The Strong CP Problem and Axions
R. D. Peccei
TL;DR
The paper analyzes the strong CP problem in QCD, detailing how the U(1)_A anomaly and the theta vacuum introduce CP violation and are constrained by neutron EDM measurements. It advocates the Peccei–Quinn mechanism as a dynamical solution, yielding the axion, a light pseudoscalar whose mass and couplings arise from QCD anomalies and meson mixing. It discusses two main invisible axion realizations, KSVZ and DFSZ, and derives their mass scales and interactions, alongside stringent astrophysical and cosmological bounds that limit the PQ scale and the axion parameter space.

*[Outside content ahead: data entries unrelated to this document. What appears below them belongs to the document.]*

(* Fix $N\ge3$ and $\lambda>0$, and let $\underline F(1)$ be defined (as a function of $p\in[0,1)$) by the recursion in the context. Then, as $p\downarrow0$, $$\underline F(1)=F_0(1)-\lambda^{-1}(N-1)\,p+o(p),$$ where $F_0(1)=\sum_{i=1}^{N-1}\frac{1}{\lambda i(N-i)}=\frac{2}{\lambda N}H_{N-1}$ and $H_n=\sum_{k=1}^n 1/k$.
   Context: For $N\ge3$, $\lambda>0$, $p\in[0,1)$: set $\underline F(N)=0$ and, for $i=N-1,\dots,1$, $\underline F(i)=(1-p)^{i(N-i)}\big[\frac{1}{\lambda i(N-i)}+\underline F(i+1)\big]+\sum_{c=1}^{N-i-1}\binom{N-i}{c}[1-(1-p)^i]^c(1-p)^{i(N-i-c)}\underline F(i+c)$. This is the paper's lower bound on the expected flooding time of an $N$-node network with ON/OFF edges (stationary ON probability $p$, exponential OFF periods of mean $\lambda^{-1}$, instantaneous transmission over ON edges). *)

From Stdlib Require Import Reals Lra Lia List.
Open Scope R_scope.

Definition lsum (l : list nat) (g : nat -> R) : R :=
  fold_right (fun c acc => g c + acc) 0 l.

(* Fuel-driven evaluation of the lower-bound recursion.
   Flow_aux N lam p fuel i computes F_(i) provided fuel >= N - i;
   F_(j) = 0 for j >= N. *)
Fixpoint Flow_aux (N : nat) (lam p : R) (fuel i : nat) {struct fuel} : R :=
  match fuel with
  | O => 0
  | S f =>
      if (N <=? i)%nat then 0 else
      (1 - p) ^ (i * (N - i)) *
        (/ (lam * INR i * INR (N - i)) + Flow_aux N lam p f (i + 1))
      + lsum (seq 1 (N - i - 1))
          (fun c => C (N - i) c * (1 - (1 - p) ^ i) ^ c
                    * (1 - p) ^ (i * (N - i - c))
                    * Flow_aux N lam p f (i + c))
  end.

Definition Flow (N : nat) (lam p : R) (i : nat) : R :=
  Flow_aux N lam p (N - i) i.

Definition F0_1 (N : nat) (lam : R) : R :=
  lsum (seq 1 (N - 1)) (fun i => / (lam * INR i * INR (N - i))).

From Stdlib Require Import Reals Lra Lia List.
Open Scope R_scope.

(* We show the stronger statement that every value
   \underline F(i), 1 <= i <= N, is a first-order expansion in p uniformly on
   [0,1]:  \underline F(i) = F_0(i) - (N - i) p / lam + O(p^2),  where
   F_0(i) = sum_{j=i}^{N-1} 1/(lam j (N-j)).  It then expands one step of the
   recursion, assuming expansions for the later indices: the "stay" term
   (1-p)^{i(N-i)} [1/(lam i (N-i)) + F(i+1)] contributes to order p, and among
   the "jump" terms only the single jump c = 1 contributes at order p, because
   (1 - (1-p)^i)^c = O(p^c).  The coefficients telescope to -(N-i)/lam, and an
   induction on the fuel of [Flow_aux] concludes. *)

Definition approx (f : R -> R) (A B : R) : Prop :=
  exists K, 0 <= K /\
    forall p, 0 <= p <= 1 -> Rabs (f p - (A + B * p)) <= K * p ^ 2.

Lemma approx_eqAB f A B A' B' : approx f A B -> A = A' -> B = B' -> approx f A' B'.
Proof. intros H -> ->; exact H. Qed.

Lemma approx_const a : approx (fun _ => a) a 0.
Proof.
  exists 0; split; [lra|]. intros p Hp.
  replace (a - (a + 0 * p)) with 0 by ring. rewrite Rabs_R0. lra.
Qed.

Lemma approx_id : approx (fun p => p) 0 1.
Proof.
  exists 0; split; [lra|]. intros p Hp.
  replace (p - (0 + 1 * p)) with 0 by ring. rewrite Rabs_R0. lra.
Qed.

Lemma approx_plus f g A B C D : approx f A B -> approx g C D ->
  approx (fun p => f p + g p) (A + C) (B + D).
Proof.
  intros [K1 [HK1 H1]] [K2 [HK2 H2]]. exists (K1 + K2); split; [lra|].
  intros p Hp. specialize (H1 p Hp). specialize (H2 p Hp).
  replace (f p + g p - (A + C + (B + D) * p)) with
    ((f p - (A + B * p)) + (g p - (C + D * p))) by ring.
  eapply Rle_trans; [apply Rabs_triang|]. lra.
Qed.

Lemma approx_sub f g A B C D : approx f A B -> approx g C D ->
  approx (fun p => f p - g p) (A - C) (B - D).
Proof.
  intros [K1 [HK1 H1]] [K2 [HK2 H2]]. exists (K1 + K2); split; [lra|].
  intros p Hp. specialize (H1 p Hp). specialize (H2 p Hp).
  replace (f p - g p - (A - C + (B - D) * p)) with
    ((f p - (A + B * p)) + - (g p - (C + D * p))) by ring.
  eapply Rle_trans; [apply Rabs_triang|]. rewrite Rabs_Ropp. lra.
Qed.

Lemma linear_bound A B p : 0 <= p <= 1 -> Rabs (A + B * p) <= Rabs A + Rabs B.
Proof.
  intros Hp. eapply Rle_trans; [apply Rabs_triang|].
  rewrite Rabs_mult, (Rabs_right p) by lra. pose proof (Rabs_pos B). nra.
Qed.

Lemma approx_bounded f A B : approx f A B ->
  exists M, 0 <= M /\ forall p, 0 <= p <= 1 -> Rabs (f p) <= M.
Proof.
  intros [K [HK H]]. exists (Rabs A + Rabs B + K). split.
  { pose proof (Rabs_pos A). pose proof (Rabs_pos B). lra. }
  intros p Hp. specialize (H p Hp). pose proof (linear_bound A B p Hp).
  replace (f p) with ((A + B * p) + (f p - (A + B * p))) by ring.
  assert (Hp2 : p ^ 2 <= 1) by nra.
  eapply Rle_trans; [apply Rabs_triang|]. nra.
Qed.

(* Product rule: the p^2-term B D p^2 and the cross errors are all O(p^2). *)
Lemma approx_mult f g A B C D : approx f A B -> approx g C D ->
  approx (fun p => f p * g p) (A * C) (A * D + B * C).
Proof.
  intros Hf Hg.
  destruct (approx_bounded _ _ _ Hf) as [M [HM Hbound]].
  destruct Hf as [K1 [HK1 H1]], Hg as [K2 [HK2 H2]].
  pose proof (Rabs_pos B). pose proof (Rabs_pos C). pose proof (Rabs_pos D).
  exists (M * K2 + K1 * (Rabs C + Rabs D) + Rabs B * Rabs D). split; [nra|].
  intros p Hp.
  specialize (H1 p Hp). specialize (H2 p Hp). specialize (Hbound p Hp).
  pose proof (linear_bound C D p Hp).
  assert (Hp2 : 0 <= p ^ 2) by nra.
  set (e1 := f p - (A + B * p)) in *. set (e2 := g p - (C + D * p)) in *.
  replace (f p * g p - (A * C + (A * D + B * C) * p)) with
    (f p * e2 + e1 * (C + D * p) + B * D * p ^ 2) by (unfold e1, e2; ring).
  assert (T1 : Rabs (f p * e2) <= M * (K2 * p ^ 2)).
  { rewrite Rabs_mult. apply Rmult_le_compat; auto using Rabs_pos. }
  assert (T2 : Rabs (e1 * (C + D * p)) <= K1 * p ^ 2 * (Rabs C + Rabs D)).
  { rewrite Rabs_mult. apply Rmult_le_compat; auto using Rabs_pos. }
  assert (T3 : Rabs (B * D * p ^ 2) = Rabs B * Rabs D * p ^ 2).
  { rewrite !Rabs_mult, (Rabs_right (p ^ 2)) by lra. reflexivity. }
  eapply Rle_trans; [apply Rabs_triang|].
  eapply Rle_trans; [apply Rplus_le_compat_r, Rabs_triang|].
  lra.
Qed.

Lemma approx_pow f A B n : approx f A B ->
  approx (fun p => f p ^ n) (A ^ n) (INR n * A ^ (n - 1) * B).
Proof.
  intros H. induction n as [|n IH].
  - simpl. eapply approx_eqAB; [apply approx_const| |]; simpl; ring.
  - simpl pow.
    eapply approx_eqAB; [apply (approx_mult _ _ _ _ _ _ H IH) | reflexivity |].
    destruct n as [|m]; [simpl; ring|].
    replace (S (S m) - 1)%nat with (S m) by lia.
    replace (S m - 1)%nat with m by lia.
    simpl pow. rewrite !S_INR. ring.
Qed.

Lemma approx_lsum l (g : R -> nat -> R) (A B : nat -> R) :
  (forall c, In c l -> approx (fun p => g p c) (A c) (B c)) ->
  approx (fun p => lsum l (g p)) (lsum l A) (lsum l B).
Proof.
  induction l as [|x l IH]; intros H; simpl.
  - apply approx_const.
  - apply approx_plus.
    + apply H; simpl; auto.
    + apply IH; intros c Hc; apply H; simpl; auto.
Qed.

Lemma approx_survival k : approx (fun p => (1 - p) ^ k) 1 (- INR k).
Proof.
  assert (Y : approx (fun p => 1 - p) 1 (-1)).
  { eapply approx_eqAB; [apply (approx_sub _ _ _ _ _ _ (approx_const 1) approx_id)|ring|ring]. }
  eapply approx_eqAB; [apply (approx_pow _ _ _ k Y)|apply pow1|rewrite pow1; ring].
Qed.

Lemma approx_hit i : approx (fun p => 1 - (1 - p) ^ i) 0 (INR i).
Proof.
  eapply approx_eqAB;
    [apply (approx_sub _ _ _ _ _ _ (approx_const 1) (approx_survival i))|ring|ring].
Qed.

Lemma lsum_zero l g : (forall c, In c l -> g c = 0) -> lsum l g = 0.
Proof.
  induction l as [|x l IH]; intros H; simpl; [reflexivity|].
  rewrite H by (simpl; auto).
  rewrite IH by (intros; apply H; simpl; auto). ring.
Qed.

Lemma C_n_1 n : (1 <= n)%nat -> C n 1 = INR n.
Proof.
  intros Hn. unfold C. destruct n as [|m]; [lia|].
  replace (S m - 1)%nat with m by lia. rewrite fact_simpl, mult_INR.
  assert (INR (Factorial.fact m) <> 0) by (apply not_0_INR, Factorial.fact_neq_0).
  replace (INR (Factorial.fact 1)) with 1 by reflexivity. field; auto.
Qed.

Definition F0 (N : nat) (lam : R) (i : nat) : R :=
  lsum (seq i (N - i)) (fun j => / (lam * INR j * INR (N - j))).

Lemma F0_step N lam i : (i < N)%nat ->
  F0 N lam i = / (lam * INR i * INR (N - i)) + F0 N lam (i + 1).
Proof.
  intros Hi. unfold F0.
  assert (Hseq : seq i (N - i) = i :: seq (S i) (N - S i)).
  { replace (N - i)%nat with (S (N - S i)) by lia. reflexivity. }
  rewrite Hseq, Nat.add_1_r. reflexivity.
Qed.

Definition F_expansion (N : nat) (lam : R) (G : R -> R) (i : nat) : Prop :=
  approx G (F0 N lam i) (- INR (N - i) / lam).

Section OneStep.

Variables (N i : nat) (lam : R) (G : R -> nat -> R).
Hypotheses (Hlam : 0 < lam) (Hi : (1 <= i)%nat) (HiN : (i < N)%nat).

Hypothesis HG : forall j, (i < j <= N)%nat -> F_expansion N lam (fun p => G p j) j.

Lemma stay_term_approx :
  approx (fun p => (1 - p) ^ (i * (N - i)) * (/ (lam * INR i * INR (N - i)) + G p (i + 1)))
    (F0 N lam i)
    (- INR (i * (N - i)) * F0 N lam i - INR (N - (i + 1)) / lam).
Proof.
  eapply approx_eqAB.
  - apply approx_mult; [apply approx_survival|].
    apply approx_plus; [apply approx_const|apply HG; lia].
  - rewrite (F0_step N lam i HiN). ring.
  - rewrite (F0_step N lam i HiN). unfold Rdiv. ring.
Qed.

(* Linear coefficient of the jump sum: only c = 1 survives, since 0^(c-1) = 0. *)
Lemma jump_linear_coeff :
  lsum (seq 1 (N - i - 1))
    (fun c => C (N - i) c * (INR c * 0 ^ (c - 1) * INR i) * F0 N lam (i + c))
  = INR (N - i) * INR i * F0 N lam (i + 1).
Proof.
  destruct (N - i - 1)%nat as [|m] eqn:Em.
  - unfold F0. simpl. replace (N - (i + 1))%nat with 0%nat by lia. simpl. ring.
  - simpl seq. simpl lsum. rewrite lsum_zero.
    + rewrite C_n_1 by lia. simpl. ring.
    + intros c Hc. apply in_seq in Hc. rewrite pow_i by lia. ring.
Qed.

(* The jump terms: c >= 1 uninformed nodes see an ON edge and are informed at
   once; the whole sum vanishes at p = 0 and its slope is the c = 1 term. *)
Lemma jump_sum_approx :
  approx (fun p => lsum (seq 1 (N - i - 1))
            (fun c => C (N - i) c * (1 - (1 - p) ^ i) ^ c
                      * (1 - p) ^ (i * (N - i - c)) * G p (i + c)))
    0 (INR (N - i) * INR i * F0 N lam (i + 1)).
Proof.
  eapply approx_eqAB; [|apply lsum_zero; reflexivity|apply jump_linear_coeff].
  apply approx_lsum. intros c Hc. apply in_seq in Hc.
  eapply approx_eqAB.
  - apply approx_mult; [apply approx_mult; [apply approx_mult|]|].
    + apply approx_const.
    + apply (approx_pow _ _ _ c (approx_hit i)).
    + apply approx_survival.
    + apply HG; lia.
  - rewrite pow_i by lia. ring.
  - rewrite pow_i by lia. ring.
Qed.

(* One step of the recursion preserves the expansion: the order-p
   coefficients telescope to -(N-i)/lam. *)
Lemma recursion_step_approx :
  F_expansion N lam
    (fun p => (1 - p) ^ (i * (N - i)) * (/ (lam * INR i * INR (N - i)) + G p (i + 1))
       + lsum (seq 1 (N - i - 1))
           (fun c => C (N - i) c * (1 - (1 - p) ^ i) ^ c
                     * (1 - p) ^ (i * (N - i - c)) * G p (i + c))) i.
Proof.
  unfold F_expansion. eapply approx_eqAB;
    [apply (approx_plus _ _ _ _ _ _ stay_term_approx jump_sum_approx)|ring|].
  assert (Hi0 : INR i <> 0) by (apply not_0_INR; lia).
  assert (HNi : INR (N - i) <> 0) by (apply not_0_INR; lia).
  rewrite (F0_step N lam i HiN), mult_INR.
  replace (INR (N - (i + 1))) with (INR (N - i) - 1)
    by (replace (N - (i + 1))%nat with (N - i - 1)%nat by lia;
        rewrite (minus_INR (N - i) 1) by lia; reflexivity).
  field. lra.
Qed.

End OneStep.

Lemma Flow_aux_expansion N lam : 0 < lam ->
  forall fuel i, (1 <= i)%nat -> (N - i <= fuel)%nat ->
  F_expansion N lam (fun p => Flow_aux N lam p fuel i) i.
Proof.
  intros Hlam fuel. unfold F_expansion.
  induction fuel as [|f IH]; intros i Hi Hf.
  - unfold F0. replace (N - i)%nat with 0%nat by lia. simpl.
    eapply approx_eqAB; [apply approx_const|reflexivity|field; lra].
  - cbn [Flow_aux]. destruct (N <=? i)%nat eqn:E.
    + apply Nat.leb_le in E. unfold F0. replace (N - i)%nat with 0%nat by lia. simpl.
      eapply approx_eqAB; [apply approx_const|reflexivity|field; lra].
    + apply Nat.leb_gt in E.
      apply (recursion_step_approx N i lam (fun p j => Flow_aux N lam p f j)); auto.
      intros j Hj. apply IH; lia.
Qed.

Lemma approx_little_o f A B : approx f A B ->
  forall eps, 0 < eps -> exists delta, 0 < delta /\
    forall p, 0 < p -> p < 1 -> p < delta -> Rabs (f p - (A + B * p)) <= eps * p.
Proof.
  intros [K [HK H]] eps Heps. exists (eps / (K + 1)). split.
  { apply Rdiv_lt_0_compat; lra. }
  intros p Hp0 Hp1 Hd. specialize (H p ltac:(lra)).
  assert (Hd' : p * (K + 1) < eps).
  { apply Rmult_lt_compat_r with (r := K + 1) in Hd; [|lra].
    unfold Rdiv in Hd. rewrite Rmult_assoc, Rinv_l in Hd by lra. lra. }
  nra.
Qed.

Theorem lemma2 (N : nat) (lam : R) :
  (3 <= N)%nat -> 0 < lam ->
  forall eps : R, 0 < eps ->
  exists delta : R, 0 < delta /\
    forall p : R, 0 < p -> p < 1 -> p < delta ->
      Rabs (Flow N lam p 1 - (F0_1 N lam - / lam * INR (N - 1) * p)) <= eps * p.
Proof.
  intros HN Hlam eps Heps.
  pose proof (Flow_aux_expansion N lam Hlam (N - 1) 1 ltac:(lia) ltac:(lia)) as Hexp.
  destruct (approx_little_o _ _ _ Hexp eps Heps) as [delta [Hdelta Hsmall]].
  exists delta. split; [exact Hdelta|]. intros p Hp0 Hp1 Hpd.
  replace (F0_1 N lam - / lam * INR (N - 1) * p)
    with (F0 N lam 1 + - INR (N - 1) / lam * p) by (unfold F0, F0_1; field; lra).
  exact (Hsmall p Hp0 Hp1 Hpd).
Qed.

The work highlights the potential for axions to be dark matter and notes ongoing experimental efforts to detect them.
Abstract
I describe how the QCD vacuum structure, necessary to resolve the $U(1)_A$ problem, predicts the presence of a P, T and CP violating term proportional to the vacuum angle $\barθ$. To agree with experimental bounds, however, this parameter must be very small $(\barθ \leq 10^{-9}$). After briefly discussing some possible other solutions to this, so-called, strong CP problem, I concentrate on the chiral solution proposed by Peccei and Quinn which has associated with it a light pseudoscalar particle, the axion. I discuss in detail the properties and dynamics of axions, focusing particularly on invisible axion models where axions are very light, very weakly coupled and very long-lived. Astrophysical and cosmological bounds on invisible axions are also briefly touched upon.